No somos cómplices de los que quieren robarnos la fe
El pasaje de los evangelios que escuchamos ayer en Misa cuenta uno de los milagros más contundentes realizados por Cristo en su ministerio público. Su amigo Lázaro había muerto cuatro días antes. El proceso de descomposición provocaba que el cuerpo oliera mal. Y sin embargo, Cristo le ordenó que saliera fuera del sepulcro y el muerto volvió a la vida y salió.
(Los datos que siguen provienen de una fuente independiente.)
(* For every set of formulas $\Gamma$ and formula $\phi$: if $\Gamma\models_{\mathbf{VC}}\phi$ then $\Gamma\vdash_{\mathbf{VC}}\phi$.
   Context: Formulas: built from propositional variables and the constant $\bot$ using $\lnot$, the binary connectives $\supset,\land,\lor$, and two binary conditional operators $[\phi]\psi$ and $\langle\phi\rangle\psi$ (treated as primitive by tableau rules). $\top$ abbreviates $\lnot\bot$. Segerberg model: $M=\langle U,P,R,V\rangle$ with $U\neq\emptyset$, $P\subseteq\wp(U)$, $R:P\to\wp(U\times U)$, $V:\mathrm{Var}\to P$, such that $\emptyset,U\in P$; $P$ is closed under complement, binary intersection and union; and for $S,T\in P$, $\{x\in U\mid R_S(x)\subseteq T\}\in P$, where $R_S=R(S)$ and $R_S(x)=\{y\mid (x,y)\in R_S\}$. Truth: $M,x\not\models\bot$; $M,x\models p$ iff $x\in V(p)$; Boolean connectives as usual; $M,x\models[\phi]\psi$ iff $M,y\models\psi$ for all $y\in R_\phi(x)$; $M,x\models\langle\phi\rangle\psi$ iff $M,y\models\psi$ for some $y\in R_\phi(x)$; here $\|\phi\|=\{x\mid M,x\models\phi\}$ and $R_\phi=R_{\|\phi\|}$. A $\mathbf{VC}$-model is a Segerberg model such that for all $S,T\in P$ and $x\in U$: (1) $R_S(x)\subseteq S$; (2) $R_S(x)\cap T\neq\emptyset\Rightarrow R_T(x)\neq\emptyset$; (3) $R_U(x)\subseteq\{x\}$; (4) $x\in R_U(x)$; (5) $R_S(x)\cap T\subseteq R_{S\cap T}(x)$; (6) $R_S(x)\cap T\neq\emptyset\Rightarrow R_{S\cap T}(x)\subseteq R_S(x)\cap T$. $\Gamma\models_{\mathbf{VC}}\phi$ iff for every $\mathbf{VC}$-model $M$ and world $x$ with $M,x\models\psi$ for all $\psi\in\Gamma$, $M,x\models\phi$. Tableaux: indices are positive integers. Prefixed formulas are $i:\phi$ and $i\,r_\phi\,j$. For a set $\Gamma$ of formulas and a formula $\phi$, a tableau for $(\Gamma,\phi)$ is a finite downward-branching tree labelled by prefixed formulas, each either an assumption ($1:\psi$ with $\psi\in\Gamma$, or $1:\lnot\phi$) or obtained by applying a branch extension rule to prefixed formulas on its branch; non-branching rules append their conclusions, branching rules split the branch into one child per alternative, each alternative appending its listed conclusions. A branch is closed if it contains $i:\chi$ and $i:\lnot\chi$, or $i:\bot$; a tableau is closed if all branches are closed. $\Gamma\vdash_{\mathbf{VC}}\phi$ means there is a closed $\mathbf{VC}$-tableau for $(\Gamma,\phi)$. Basic rules: from $i:\phi\land\psi$ add $i:\phi,i:\psi$; from $i:\lnot(\phi\land\psi)$ branch $i:\lnot\phi\mid i:\lnot\psi$; from $i:\phi\lor\psi$ branch $i:\phi\mid i:\psi$; from $i:\lnot(\phi\lor\psi)$ add $i:\lnot\phi,i:\lnot\psi$; from $i:\phi\supset\psi$ branch $i:\lnot\phi\mid i:\psi$; from $i:\lnot(\phi\supset\psi)$ add $i:\phi,i:\lnot\psi$; from $i:\lnot\lnot\phi$ add $i:\phi$; ($\Box$) from $i:[\phi]\psi$ and $i\,r_\phi\,j$ add $j:\psi$; ($\lnot\Box$) from $i:\lnot[\phi]\psi$ add $i\,r_\phi\,j$ and $j:\lnot\psi$, $j$ new; ($\Diamond$) from $i:\langle\phi\rangle\psi$ add $i\,r_\phi\,j$ and $j:\psi$, $j$ new; ($\lnot\Diamond$) from $i:\lnot\langle\phi\rangle\psi$ and $i\,r_\phi\,j$ add $j:\lnot\psi$. (cut) for any index $i$ already on the branch and any $\phi$, branch $i:\phi\mid i:\lnot\phi$. (ea) from $i\,r_\phi\,j$ and any $\psi$, branch ($k:\lnot\phi$, $k:\psi$) $\mid$ ($k:\phi$, $k:\lnot\psi$) $\mid$ $i\,r_\psi\,j$, $k$ new. (R1) from $i\,r_\phi\,j$ add $j:\phi$. (R2) from $j:\psi$ and $i\,r_\phi\,j$ add $i\,r_\psi\,k$, $k$ new. (R3) from $i:\phi$, $j:\lnot\phi$, $i\,r_\top\,j$ add $j:\phi$. (R4) for any index $i$ on the branch add $i\,r_\top\,i$. (R5) from $j:\psi$ and $i\,r_\phi\,j$ add $i\,r_{\phi\land\psi}\,j$. (R6) from $j:\psi$, $i\,r_\phi\,j$, $i\,r_{\phi\land\psi}\,k$ add $k:\psi$ and $i\,r_\phi\,k$. $\mathbf{VC}$-tableaux use all of these rules. *)

From Stdlib Require Import List.
Import ListNotations.

Inductive form : Type :=
| Var : nat -> form
| Bot : form
| Neg : form -> form
| Imp : form -> form -> form
| And : form -> form -> form
| Or  : form -> form -> form
| Box : form -> form -> form
| Dia : form -> form -> form.

Definition Top : form := Neg Bot.

Record SegModel : Type := {
  U : Type;
  P : (U -> Prop) -> Prop;
  R : (U -> Prop) -> U -> U -> Prop;   (* R S x y  <->  (x,y) in R_S *)
  V : nat -> U -> Prop;
  U_nonempty : inhabited U;
  V_in_P : forall p, P (V p);
  P_empty : P (fun _ => False);
  P_full : P (fun _ => True);
  P_compl : forall S, P S -> P (fun x => ~ S x);
  P_inter : forall S T, P S -> P T -> P (fun x => S x /\ T x);
  P_union : forall S T, P S -> P T -> P (fun x => S x \/ T x);
  P_box : forall S T, P S -> P T -> P (fun x => forall y, R S x y -> T y)
}.

Fixpoint sat (M : SegModel) (f : form) (x : U M) {struct f} : Prop :=
  match f with
  | Var p => V M p x
  | Bot => False
  | Neg a => ~ sat M a x
  | Imp a b => sat M a x -> sat M b x
  | And a b => sat M a x /\ sat M b x
  | Or a b => sat M a x \/ sat M b x
  | Box a b => forall y, R M (fun z => sat M a z) x y -> sat M b y
  | Dia a b => exists y, R M (fun z => sat M a z) x y /\ sat M b y
  end.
Ahora bien, de todo el pasaje, me interesa ahora las consecuencias del milagro realizado por Cristo: “muchos de los judíos que habían venido a casa de María, viendo lo que había hecho, creyeron en él” (Jn 11,45). De hecho, el mismo evangelio de Juan dice casi al final: “Jesús realizó en presencia de los discípulos otras muchas señales que no están escritas en este libro. Estas han sido escritas para que creáis que Jesús es el Cristo, el Hijo de Dios, y para que creyendo tengáis vida en su nombre” (Jn 20,30-31).
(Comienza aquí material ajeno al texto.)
(* Let $V$ be a real vector space with $m=\dim V>1$, and let $A\subset V$ be a finite set spanning $V$ with $0\notin A$ and no two elements of $A$ parallel. Let $B\subset A$ be a basis of $V$ such that the graph $G(B;A)$ is connected. Then there is a compact convex polytope $C\subset V$ with nonempty interior such that (with normals taken with respect to $[\cdot,\cdot]_B$): (i) the normal of each face of $C$ is an element of $A$; (ii) there is a vertex $v$ of $C$ lying at the intersection of exactly $m$ faces of $C$, each of which is normal to some element of $B$; (iii) $v$ is the unique vertex of $C$ with property (ii).
   Context: $[\cdot,\cdot]_B$ is the inner product on $V$ for which $B$ is orthonormal. $G(B;A)$ is the graph with vertex set $B$ and an edge between distinct $x,y\in B$ whenever there is $z\in A\setminus B$ with $[x,z]_B\ne0$ and $[y,z]_B\ne0$. Faces of $C$ are its $(m-1)$-dimensional faces. *)

From HB Require Import structures.
From mathcomp Require Import all_boot all_order all_algebra.
From mathcomp Require Import classical_sets reals.
Set Implicit Arguments. Unset Strict Implicit. Unset Printing Implicit Defensive.
Import Order.TTheory GRing.Theory Num.Theory.
Local Open Scope ring_scope.
Local Open Scope classical_set_scope.

Section Defs.
Variables (R : realType) (V : vectType R).

(* [x,y]_B : the inner product for which the basis B (a list) is orthonormal *)
Definition ipB (B : seq V) (x y : V) : R :=
  \sum_(i < size B) coord (in_tuple B) i x * coord (in_tuple B) i y.

Definition Gedge (A B : seq V) : rel V := fun x y =>
  [&& x \in B, y \in B, x != y &
      has (fun z => [&& z \notin B, ipB B x z != 0 & ipB B y z != 0]) A].

Definition Gconnected (A B : seq V) : Prop :=
  forall x y, x \in B -> y \in B ->
    exists p : seq V, path (Gedge A B) x p /\ last x p = y.

Definition conv (P : seq V) : set V :=
  [set x | exists w : 'I_(size P) -> R,
     (forall i, 0 <= w i) /\ \sum_i w i = 1 /\ x = \sum_i w i *: P`_i].

Definition nonempty_interior (B : seq V) (C : set V) : Prop :=
  exists x0 (e : R), 0 < e /\ forall y, ipB B (y - x0) (y - x0) < e -> C y.

Definition supports (B : seq V) (C : set V) (u : V) (c : R) : Prop :=
  forall x, C x -> ipB B u x <= c.

Definition hyperface (B : seq V) (C : set V) (u : V) (c : R) : set V :=
  [set x | C x /\ ipB B u x = c].

(* (m-1)-dimensional faces (facets) of C, m = dim V *)
Definition is_facet (B : seq V) (C : set V) (F : set V) : Prop :=
  exists (u : V) (c : R), u != 0 /\ supports B C u c /\ F = hyperface B C u c /\
    exists (x0 : V) (xs : seq V), size xs = (\dim (fullv : {vspace V})).-1 /\
      free [seq x - x0 | x <- xs] /\ F x0 /\ (forall x, x \in xs -> F x).

Definition facet_normal (B : seq V) (C : set V) (F : set V) (a : V) : Prop :=
  exists c : R, (supports B C a c \/ supports B C (- a) (- c)) /\ F = hyperface B C a c.

Definition is_vertex (B : seq V) (C : set V) (v : V) : Prop :=
  exists (u : V) (c : R), u != 0 /\ supports B C u c /\ hyperface B C u c = [set v].

Definition prop_ii (B : seq V) (C : set V) (v : V) : Prop :=
  exists F : 'I_(\dim (fullv : {vspace V})) -> set V,
    injective F /\
    (forall i, is_facet B C (F i) /\ F i v /\
               exists2 b, b \in B & facet_normal B C (F i) b) /\
    (forall G, is_facet B C G -> G v -> exists i, G = F i).

End Defs.

From HB Require Import structures.
From mathcomp Require Import all_boot all_order all_algebra.
From mathcomp Require Import classical_sets reals boolp.
From mathcomp Require Import lra ring.
Import Order.TTheory GRing.Theory Num.Theory.
Local Open Scope ring_scope.
Local Open Scope classical_set_scope.
Set Implicit Arguments. Unset Strict Implicit. Unset Printing Implicit Defensive.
Es decir, una de las razones de que el Señor realizara milagros era para provocar la fe en Él. Aunque Cristo mismo le dijo al apóstol Tomás que “dichosos los que no han visto y han creído“, los milagros han acompañado a la Iglesia y a sus santos a lo largo de la historia. Hoy se siguen produciendo, como lo atestiguan los procesos de beatificación y canonización. También tienen lugar en santuarios, siendo el de Lourdes el que quizás más “noticias” da en ese sentido.